Posted May 4, 2011 9:34 UTC (Wed) by AndreE (guest, #60148) [Link] (2 responses)

Actually, it's pretty clear that it ISN'T just these additional moral expectations. He clearly states:

"but I really want to point out that it's not that the license is somehow ethical per se. A lot of other people think that the BSD license with its even more freedoms is a better license for them. And others will prefer to use a license that leaves all the rights with the original copyright holder, and gives no rights to the sources at all to others. And for them, that is their answer. And it's fine. It's their choice."

So ultimately, he doesn't really consider there to be any ethical issues with proprietary software.

Ethics and morals.

Posted May 4, 2011 11:24 UTC (Wed) by drag (guest, #31333) [Link]

The ethical problems have to do with copyright itself. It was one thing when it applied to navigational charts and some books, but it's a monster that has gotten out of control.

But it's difficult to convince people of this since it's asking too much for people to view the world as possibly ever being different then it is now.

Ethics and morals.

Posted May 4, 2011 12:22 UTC (Wed) by gowen (guest, #23914) [Link]
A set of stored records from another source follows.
(* Let $\mathbf a:\mathbb R\to L^2(\mathbb R)$, $\mathbf a(\theta)(s)=\pi^{-1/4}e^{-\frac12(s-\theta)^2}$. Let $\theta_1\ne\theta_2$ be real, $c_1,c_2>0$, and $\mathbf y=c_1\mathbf a(\theta_1)+c_2\mathbf a(\theta_2)$. Then no maximizer of $\theta\mapsto|\langle\mathbf a(\theta),\mathbf y\rangle|$ over $\mathbb R$ belongs to $\{\theta_1,\theta_2\}$; in particular the first OMP iteration with input $\mathbf y$ selects a parameter outside $\{\theta_1,\theta_2\}$.
   Context: $\langle\cdot,\cdot\rangle$ is the $L^2(\mathbb R)$ inner product. The first OMP iteration with input $\mathbf y$ selects some $\widehat\theta_1\in\arg\max_\theta|\langle\mathbf a(\theta),\mathbf y\rangle|$. *)

From Stdlib Require Import Reals Lra.
Open Scope R_scope.

Definition improper_int_R (f : R -> R) (l : R) : Prop :=
  forall eps : R, 0 < eps ->
    exists M : R, forall a b : R, a <= - M -> M <= b ->
      exists pr : Riemann_integrable f a b, Rabs (RiemannInt pr - l) < eps.

Definition L2_inner (f g : R -> R) (l : R) : Prop :=
  improper_int_R (fun s => f s * g s) l.

Definition atom (theta : R) (s : R) : R :=
  Rpower PI (-(1/4)) * exp (- (1/2) * (s - theta) ^ 2).

(* For y = c1 a(t1) + c2 a(t2) we compute <a(theta), y> in closed form.
   Completing the square, a(t) a(t') is pi^(-1/2) exp(-(t - t')^2 / 4) times a
   translate of the Gaussian exp(-s^2), whose improper integral G is positive.
   Hence <a(theta), y> = K * profile(theta) with K = pi^(-1/2) G > 0 and
   profile(theta) = c1 exp(-(theta - t1)^2 / 4) + c2 exp(-(theta - t2)^2 / 4).
   Since t1 <> t2 and c2 > 0, the profile has a nonzero derivative at t1, so
   t1 is not a maximiser (symmetrically for t2). *)

From Stdlib Require Import Reals Lra Classical.
From Coquelicot Require Import Coquelicot.
Open Scope R_scope.

Definition loc_int (f : R -> R) : Prop := forall a b : R, ex_RInt f a b.

(* Improper integral over the whole line, phrased with Coquelicot's total
   integral [RInt]; it implies [improper_int_R] for locally integrable f. *)
Definition improper_RInt (f : R -> R) (l : R) : Prop :=
  forall eps : R, 0 < eps ->
    exists M : R, forall a b : R, a <= - M -> M <= b -> Rabs (RInt f a b - l) < eps.

Lemma loc_int_continuous (f : R -> R) :
  (forall x, continuous f x) -> loc_int f.
Proof. intros Hf a b. apply (ex_RInt_continuous (V := R_CompleteNormedModule)); auto. Qed.

Lemma loc_int_derivable (f : R -> R) :
  (forall x, ex_derive f x) -> loc_int f.
Proof.
  intros Hf. apply loc_int_continuous. intros x.
  apply (ex_derive_continuous (K := R_AbsRing) (V := R_NormedModule)), Hf.
Qed.

Lemma improper_RInt_to_improper_int_R (f : R -> R) (l : R) :
  loc_int f -> improper_RInt f l -> improper_int_R f l.
Proof.
  intros Hf H eps Heps. destruct (H eps Heps) as [M HM]. exists M. intros a b Ha Hb.
  exists (ex_RInt_Reals_0 _ _ _ (Hf a b)). rewrite <- RInt_Reals. auto.
Qed.

Lemma improper_RInt_ext (f g : R -> R) (l : R) :
  (forall x, f x = g x) -> improper_RInt f l -> improper_RInt g l.
Proof.
  intros E H eps Heps. destruct (H eps Heps) as [M HM]. exists M. intros a b Ha Hb.
  rewrite <- (RInt_ext f g) by auto. auto.
Qed.

Lemma improper_RInt_plus (f g : R -> R) (l m : R) :
  loc_int f -> loc_int g -> improper_RInt f l -> improper_RInt g m ->
  improper_RInt (fun x => f x + g x) (l + m).
Proof.
  intros If Ig Hf Hg eps Heps.
  destruct (Hf (eps / 2)) as [Mf HMf]; [lra|].
  destruct (Hg (eps / 2)) as [Mg HMg]; [lra|].
  exists (Rmax Mf Mg). intros a b Ha Hb.
  pose proof (Rmax_l Mf Mg). pose proof (Rmax_r Mf Mg).
  assert (E : RInt (fun x => f x + g x) a b = RInt f a b + RInt g a b)
    by exact (RInt_plus f g a b (If a b) (Ig a b)).
  rewrite E.
  specialize (HMf a b ltac:(lra) ltac:(lra)). specialize (HMg a b ltac:(lra) ltac:(lra)).
  replace (RInt f a b + RInt g a b - (l + m)) with ((RInt f a b - l) + (RInt g a b - m)) by ring.
  pose proof (Rabs_triang (RInt f a b - l) (RInt g a b - m)). lra.
Qed.

Lemma improper_RInt_scal (f : R -> R) (k l : R) :
  loc_int f -> improper_RInt f l -> improper_RInt (fun x => k * f x) (k * l).
Proof.
  intros If Hf eps Heps.
  assert (Hk : 0 < Rabs k + 1) by (pose proof (Rabs_pos k); lra).
  destruct (Hf (eps / (Rabs k + 1))) as [M HM]; [apply Rdiv_lt_0_compat; auto|].
  exists M. intros a b Ha Hb.
  assert (E : RInt (fun x => k * f x) a b = k * RInt f a b)
    by exact (RInt_scal f a b k (If a b)).
  rewrite E.
  rewrite <- Rmult_minus_distr_l, Rabs_mult.
  specialize (HM a b Ha Hb).
  apply Rle_lt_trans with (Rabs k * (eps / (Rabs k + 1))).
  - apply Rmult_le_compat_l; [apply Rabs_pos | lra].
  - apply Rlt_le_trans with ((Rabs k + 1) * (eps / (Rabs k + 1))).
    + apply Rmult_lt_compat_r; [apply Rdiv_lt_0_compat|]; lra.
    + right; field; lra.
Qed.

Lemma improper_RInt_shift (f : R -> R) (m l : R) :
  loc_int f -> improper_RInt f l -> improper_RInt (fun x => f (x - m)) l.
Proof.
  intros If Hf eps Heps. destruct (Hf eps Heps) as [M HM].
  exists (M + Rabs m). intros a b Ha Hb.
  assert (E : RInt (fun x => f (x - m)) a b = RInt f (a - m) (b - m)).
  { pose proof (RInt_comp_lin f 1 (- m) a b (If _ _)) as H.
    replace (1 * a + - m) with (a - m) in H by ring.
    replace (1 * b + - m) with (b - m) in H by ring.
    rewrite <- H. apply RInt_ext. intros x _.
    unfold scal; simpl; unfold mult; simpl. rewrite Rmult_1_l. f_equal. ring. }
  rewrite E. pose proof (Rle_abs m). pose proof (Rle_abs (- m)). rewrite Rabs_Ropp in *.
  apply HM; lra.
Qed.

Section EvenNonnegative.

Variable f : R -> R.
Hypothesis f_loc_int : loc_int f.
Hypothesis f_nonneg : forall x, 0 <= f x.
Hypothesis f_even : forall x, f (- x) = f x.

Lemma RInt_even_reflect (a : R) : RInt f a 0 = RInt f 0 (- a).
Proof.
  pose proof (RInt_comp_lin f (-1) 0 a 0 (f_loc_int _ _)) as H.
  replace (-1 * a + 0) with (- a) in H by ring.
  replace (-1 * 0 + 0) with 0 in H by ring.
  rewrite (RInt_ext _ (fun y => -1 * f y)) in H.
  2:{ intros x _. unfold scal; simpl; unfold mult; simpl.
      replace (-1 * x + 0) with (- x) by ring. rewrite f_even. reflexivity. }
  assert (Hs : RInt (fun y => -1 * f y) a 0 = -1 * RInt f a 0)
    by exact (RInt_scal f a 0 (-1) (f_loc_int a 0)).
  assert (Hw : - RInt f (- a) 0 = RInt f 0 (- a))
    by exact (opp_RInt_swap f (- a) 0 (f_loc_int _ _)).
  rewrite <- Hw, <- H, Hs. assert (E : forall r : R, r = - (-1 * r)) by (intros; ring). apply E.
Qed.

Lemma RInt_from0_mono (b c : R) : 0 <= b -> b <= c -> RInt f 0 b <= RInt f 0 c.
Proof.
  intros Hb Hbc.
  assert (E : RInt f 0 b + RInt f b c = RInt f 0 c)
    by exact (RInt_Chasles f 0 b c (f_loc_int _ _) (f_loc_int _ _)).
  assert (0 <= RInt f b c) by (apply RInt_ge_0; auto).
  lra.
Qed.

(* If the integrals over [0, b] are bounded, their supremum L exists and the
   improper integral over the whole line is 2 L (by evenness). *)
Lemma improper_RInt_even (B : R) :
  (forall b, 0 <= b -> RInt f 0 b <= B) ->
  exists L, improper_RInt f (2 * L) /\ (forall b, 0 <= b -> RInt f 0 b <= L).
Proof.
  intros HB.
  set (E := fun y => exists b, 0 <= b /\ y = RInt f 0 b).
  assert (Hbound : bound E) by (exists B; intros y [b [Hb ->]]; auto).
  assert (Hne : exists y, E y) by (exists (RInt f 0 0), 0; split; [lra | reflexivity]).
  destruct (completeness E Hbound Hne) as [L [HLub HLleast]].
  assert (Hle : forall b, 0 <= b -> RInt f 0 b <= L)
    by (intros b Hb; apply HLub; exists b; auto).
  exists L. split; [|exact Hle].
  intros eps Heps.
  assert (Happrox : exists b0, 0 <= b0 /\ L - eps / 2 < RInt f 0 b0).
  { apply NNPP. intros Hn.
    assert (L <= L - eps / 2); [|lra].
    apply HLleast. intros y [b [Hb ->]].
    apply Rnot_lt_le. intros Hc. apply Hn. exists b; auto. }
  destruct Happrox as [b0 [Hb0 Hlt]].
  exists b0. intros a b Ha Hb.
  assert (Hsplit : RInt f a 0 + RInt f 0 b = RInt f a b)
    by exact (RInt_Chasles f a 0 b (f_loc_int _ _) (f_loc_int _ _)).
  rewrite <- Hsplit, RInt_even_reflect.
  pose proof (Hle (- a) ltac:(lra)). pose proof (Hle b ltac:(lra)).
  pose proof (RInt_from0_mono b0 (- a) Hb0 ltac:(lra)).
  pose proof (RInt_from0_mono b0 b Hb0 ltac:(lra)).
  apply Rabs_def1; lra.
Qed.

End EvenNonnegative.

Lemma exp_monotone (x y : R) : x <= y -> exp x <= exp y.
Proof. intros [H | ->]; [left; apply exp_increasing; exact H | right; reflexivity]. Qed.

Definition gauss (x : R) : R := exp (- (x * x)).

Lemma gauss_continuous (x : R) : continuous gauss x.
Proof.
  apply (ex_derive_continuous (K := R_AbsRing) (V := R_NormedModule)).
  unfold gauss. auto_derive. auto.
Qed.

Lemma gauss_loc_int : loc_int gauss.
Proof. apply loc_int_continuous, gauss_continuous. Qed.

(* exp(-x^2) <= exp(1 - 2x), whose primitive gives the bound e/2. *)
Lemma RInt_gauss_bound (b : R) : 0 <= b -> RInt gauss 0 b <= exp 1 / 2.
Proof.
  intros Hb.
  set (h := fun x => - exp (1 - 2 * x) / 2).
  assert (Hh : is_RInt (fun x => exp (1 - 2 * x)) 0 b (minus (h b) (h 0))).
  { apply (is_RInt_derive (V := R_CompleteNormedModule) h); intros x _; unfold h.
    - auto_derive; auto. unfold Rminus. field.
    - apply (ex_derive_continuous (K := R_AbsRing) (V := R_NormedModule)).
      auto_derive. auto. }
  apply Rle_trans with (RInt (fun x => exp (1 - 2 * x)) 0 b).
  - apply RInt_le; auto. apply gauss_loc_int. eexists; exact Hh.
    intros x _. unfold gauss. apply exp_monotone. pose proof (Rle_0_sqr (x - 1)). unfold Rsqr in *. nra.
  - rewrite (is_RInt_unique _ _ _ _ Hh). unfold minus, plus, opp, h; simpl.
    replace (1 - 2 * 0) with 1 by ring.
    pose proof (exp_pos (1 - 2 * b)). lra.
Qed.

Lemma gauss_improper : exists G, 0 < G /\ improper_RInt gauss G.
Proof.
  destruct (improper_RInt_even gauss gauss_loc_int
              (fun x => Rlt_le _ _ (exp_pos _))
              (fun x => f_equal exp (f_equal Ropp (Rmult_opp_opp x x)))
              (exp 1 / 2) RInt_gauss_bound) as [L [HL Hle]].
  exists (2 * L). split; [|exact HL].
  assert (0 < RInt gauss 0 1).
  { apply RInt_gt_0; [lra | intros; apply exp_pos | intros; apply gauss_continuous]. }
  pose proof (Hle 1 ltac:(lra)). lra.
Qed.

Definition atom_const : R := Rpower PI (-(1/4)).

Lemma atom_const_pos : 0 < atom_const.
Proof. apply exp_pos. Qed.

(* Completing the square: a product of two atoms is a scaled, shifted Gaussian. *)
Lemma atom_mul (t t' s : R) :
  atom t s * atom t' s
  = atom_const * atom_const * exp (- (t - t') ^ 2 / 4) * gauss (s - (t + t') / 2).
Proof.
  unfold atom, gauss. fold atom_const.
  transitivity (atom_const * atom_const
                * exp (- (1 / 2) * (s - t) ^ 2 + - (1 / 2) * (s - t') ^ 2)).
  { rewrite exp_plus. ring. }
  transitivity (atom_const * atom_const
                * exp (- (t - t') ^ 2 / 4 + - ((s - (t + t') / 2) * (s - (t + t') / 2)))).
  { f_equal. f_equal. field. }
  rewrite exp_plus. ring.
Qed.

Lemma atom_pair_improper (G t t' : R) :
  improper_RInt gauss G ->
  improper_RInt (fun s => atom t s * atom t' s)
    (atom_const * atom_const * G * exp (- (t - t') ^ 2 / 4)).
Proof.
  intros HG.
  replace (atom_const * atom_const * G * exp (- (t - t') ^ 2 / 4))
    with (atom_const * atom_const * exp (- (t - t') ^ 2 / 4) * G) by ring.
  apply (improper_RInt_ext
           (fun s => atom_const * atom_const * exp (- (t - t') ^ 2 / 4)
                     * gauss (s - (t + t') / 2))).
  { intros s. symmetry. apply atom_mul. }
  apply improper_RInt_scal.
  - apply loc_int_derivable. intros x. unfold gauss. auto_derive. auto.
  - apply improper_RInt_shift; [apply gauss_loc_int | exact HG].
Qed.

(* Up to the positive factor K, theta |-> <a(theta), c1 a(t1) + c2 a(t2)> is
   this sum of two Gaussian bumps. *)
Definition profile (t1 t2 c1 c2 t : R) : R :=
  c1 * exp (- (t - t1) ^ 2 / 4) + c2 * exp (- (t - t2) ^ 2 / 4).

(* With positive weights the profile is positive, so |<a(theta), y>| = K profile. *)
Lemma profile_pos (t1 t2 c1 c2 t : R) : 0 < c1 -> 0 < c2 -> 0 < profile t1 t2 c1 c2 t.
Proof.
  intros H1 H2. unfold profile.
  pose proof (Rmult_lt_0_compat _ _ H1 (exp_pos (- (t - t1) ^ 2 / 4))).
  pose proof (Rmult_lt_0_compat _ _ H2 (exp_pos (- (t - t2) ^ 2 / 4))).
  lra.
Qed.

(* Exchanging the two atoms reduces the case thstar = t2 to thstar = t1. *)
Lemma profile_swap (t1 t2 c1 c2 t : R) : profile t1 t2 c1 c2 t = profile t2 t1 c2 c1 t.
Proof. unfold profile. ring. Qed.

Lemma inner_atom_mixture (G t t1 t2 c1 c2 : R) :
  improper_RInt gauss G ->
  L2_inner (atom t) (fun s => c1 * atom t1 s + c2 * atom t2 s)
    (atom_const * atom_const * G * profile t1 t2 c1 c2 t).
Proof.
  intros HG.
  assert (Hpair : forall t', loc_int (fun s => atom t s * atom t' s)).
  { intros t'. apply loc_int_derivable. intros x. unfold atom. auto_derive. auto. }
  apply improper_RInt_to_improper_int_R.
  { apply loc_int_derivable. intros x. unfold atom. auto_derive. auto. }
  apply (improper_RInt_ext (fun s => c1 * (atom t s * atom t1 s) + c2 * (atom t s * atom t2 s))).
  { intros s. ring. }
  replace (atom_const * atom_const * G * profile t1 t2 c1 c2 t)
    with (c1 * (atom_const * atom_const * G * exp (- (t - t1) ^ 2 / 4))
          + c2 * (atom_const * atom_const * G * exp (- (t - t2) ^ 2 / 4)))
    by (unfold profile; ring).
  apply improper_RInt_plus.
  1, 2: intros a b; apply (ex_RInt_scal (V := R_NormedModule)), Hpair.
  all: apply improper_RInt_scal; [apply Hpair | apply atom_pair_improper, HG].
Qed.

Lemma not_max_of_nonzero_derivative (f : R -> R) (x D : R) :
  derivable_pt_lim f x D -> D <> 0 -> exists y, f x < f y.
Proof.
  intros Hf HD. apply NNPP. intros Hnot. apply HD.
  assert (Hmax : forall y, f y <= f x).
  { intros y. apply Rnot_lt_le. intros Hlt. apply Hnot. exists y. exact Hlt. }
  change D with (derive_pt f x (exist _ D Hf)).
  apply (deriv_maximum f (x - 1) (x + 1)); [lra | lra | intros; apply Hmax].
Qed.

(* The profile has slope (c2 / 2) (t2 - t1) exp(-(t1 - t2)^2 / 4) <> 0 at t1, so
   t1 does not maximise it. *)
Lemma profile_not_max (t1 t2 c1 c2 : R) :
  t1 <> t2 -> 0 < c2 -> exists t, profile t1 t2 c1 c2 t1 < profile t1 t2 c1 c2 t.
Proof.
  intros Hne Hc2.
  apply (not_max_of_nonzero_derivative _ t1 (c2 * exp (- (t1 - t2) ^ 2 / 4) * (- (t1 - t2) / 2))).
  - apply is_derive_Reals. unfold profile. auto_derive; auto.
    replace (- ((t1 + - t2) * ((t1 + - t2) * 1)) * / 4) with (- (t1 - t2) ^ 2 / 4)
      by (unfold Rminus, Rdiv; ring).
    replace (t1 + - t1) with 0 by ring. unfold Rminus. field.
  - pose proof (exp_pos (- (t1 - t2) ^ 2 / 4)).
    repeat apply Rmult_integral_contrapositive_currified; lra.
Qed.

Theorem mainTheorem15 (th1 th2 c1 c2 : R) :
  th1 <> th2 -> 0 < c1 -> 0 < c2 ->
  forall thstar : R, thstar = th1 \/ thstar = th2 ->
    exists (theta l lstar : R),
      L2_inner (atom theta) (fun s => c1 * atom th1 s + c2 * atom th2 s) l /\
      L2_inner (atom thstar) (fun s => c1 * atom th1 s + c2 * atom th2 s) lstar /\
      Rabs lstar < Rabs l.
Proof.
  intros Hne Hc1 Hc2 thstar Hstar.
  destruct gauss_improper as [G [HGpos HG]].
  set (K := atom_const * atom_const * G).
  assert (HK : 0 < K)
    by (pose proof atom_const_pos; unfold K; repeat apply Rmult_lt_0_compat; auto).
  assert (Hbetter : exists t, profile th1 th2 c1 c2 thstar < profile th1 th2 c1 c2 t).
  { destruct Hstar as [-> | ->].
    - apply profile_not_max; auto.
    - destruct (profile_not_max th2 th1 c2 c1) as [t Ht]; auto.
      exists t. rewrite !(profile_swap th1 th2). exact Ht. }
  destruct Hbetter as [t Ht].
  exists t, (K * profile th1 th2 c1 c2 t), (K * profile th1 th2 c1 c2 thstar).
  split; [apply inner_atom_mixture, HG|].
  split; [apply inner_atom_mixture, HG|].
  pose proof (profile_pos th1 th2 c1 c2 t Hc1 Hc2).
  pose proof (profile_pos th1 th2 c1 c2 thstar Hc1 Hc2).
  rewrite !Rabs_pos_eq by (left; apply Rmult_lt_0_compat; auto).
  apply Rmult_lt_compat_l; auto.
Qed.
Well, that's consistent with the idea that -- absent any coercion -- all licenses are ethically neutral. You sign up to those licences whose terms you're ok with, you reject the ones that you're not ok with. And you are bound by those terms, and not the moral expectations of anyone else.

That's freedom in the sense with which economists will be familiar. Your interpretation may vary.